» SOURCE RECORDS
---

Lemma local_avg_bounds N (G : graph N) x i : -1 <= local_avg G x i <= 1.
Proof.
rewrite /local_avg; have n_gt0 := card_nbhd_gt0 G i.
have ub : \big[Rplus/0]_(j in nbhd G i) spin (x j) <= \big[Rplus/0]_(j in nbhd G i) 1.
  by apply: ler_sumR => j _; rewrite /spin; case: (x j); lra.
have lb : \big[Rplus/0]_(j in nbhd G i) (-1) <= \big[Rplus/0]_(j in nbhd G i) spin (x j).
  by apply: ler_sumR => j _; rewrite /spin; case: (x j); lra.
rewrite !sumR_const in ub lb.
by split; apply: (Rmult_le_reg_r (INR #|nbhd G i|)); rewrite // /Rdiv Rmult_assoc Rinv_l; lra.
Qed.

Lemma local_avg_const N (G : graph N) (x : state N) i b :
  (forall j, x j = b) -> local_avg G x i = spin b.
Proof.
move=> xb; rewrite /local_avg (eq_bigr (fun _ => spin b)) => [|j _]; last by rewrite xb.
by rewrite sumR_const; have := card_nbhd_gt0 G i; move=> ?; field; lra.
Qed.

Section Relabelling.
Variable N : nat.
Implicit Types (G : graph N) (s : {perm 'I_N}).

Lemma adjC G i j : adj G i j = adj G j i.
Proof. by rewrite /adj orbC. Qed.

Lemma nbhdC G i j : (j \in nbhd G i) = (i \in nbhd G j).
Proof. by rewrite !inE adjC eq_sym. Qed.

Lemma adj_simple_irr G i : simple_graph G -> adj G i i = false.
Proof. by move=> /subsetP sG; rewrite /adj orbb; apply/negP => /sG; rewrite inE ltnn. Qed.

Lemma simple_graph_adj G G' : simple_graph G -> simple_graph G' ->
  (forall i j, adj G i j = adj G' i j) -> G = G'.
Proof.
move=> /subsetP sG /subsetP sG' GG'; apply/setP => -[i j].
case: (ltngtP i j) => [ij | ji | /val_inj ij].
- have := GG' i j; rewrite /adj.
  have [/sG|] := boolP ((j, i) \in G); first by rewrite inE /= ltnNge (ltnW ij).
  have [/sG'|] := boolP ((j, i) \in G'); first by rewrite inE /= ltnNge (ltnW ij).
  by rewrite !orbF => _ _.
- apply/idP/idP => [/sG|/sG']; by rewrite inE /= ltnNge (ltnW ji).
- by subst j; apply/idP/idP => [/sG|/sG']; rewrite inE /= ltnn.
Qed.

---

» EXERCISE REQUIREMENTS
Look through the records for the string "spin". Copy every line that has it.

» FINISHED EXERCISE
have ub : \big[Rplus/0]_(j in nbhd G i) spin (x j) <= \big[Rplus/0]_(j in nbhd G i) 1.
  by apply: ler_sumR => j _; rewrite /spin; case: (x j); lra.
have lb : \big[Rplus/0]_(j in nbhd G i) (-1) <= \big[Rplus/0]_(j in nbhd G i) spin (x j).
  by apply: ler_sumR => j _; rewrite /spin; case: (x j); lra.
  (forall j, x j = b) -> local_avg G x i = spin b.
move=> xb; rewrite /local_avg (eq_bigr (fun _ => spin b)) => [|j _]; last by rewrite xb.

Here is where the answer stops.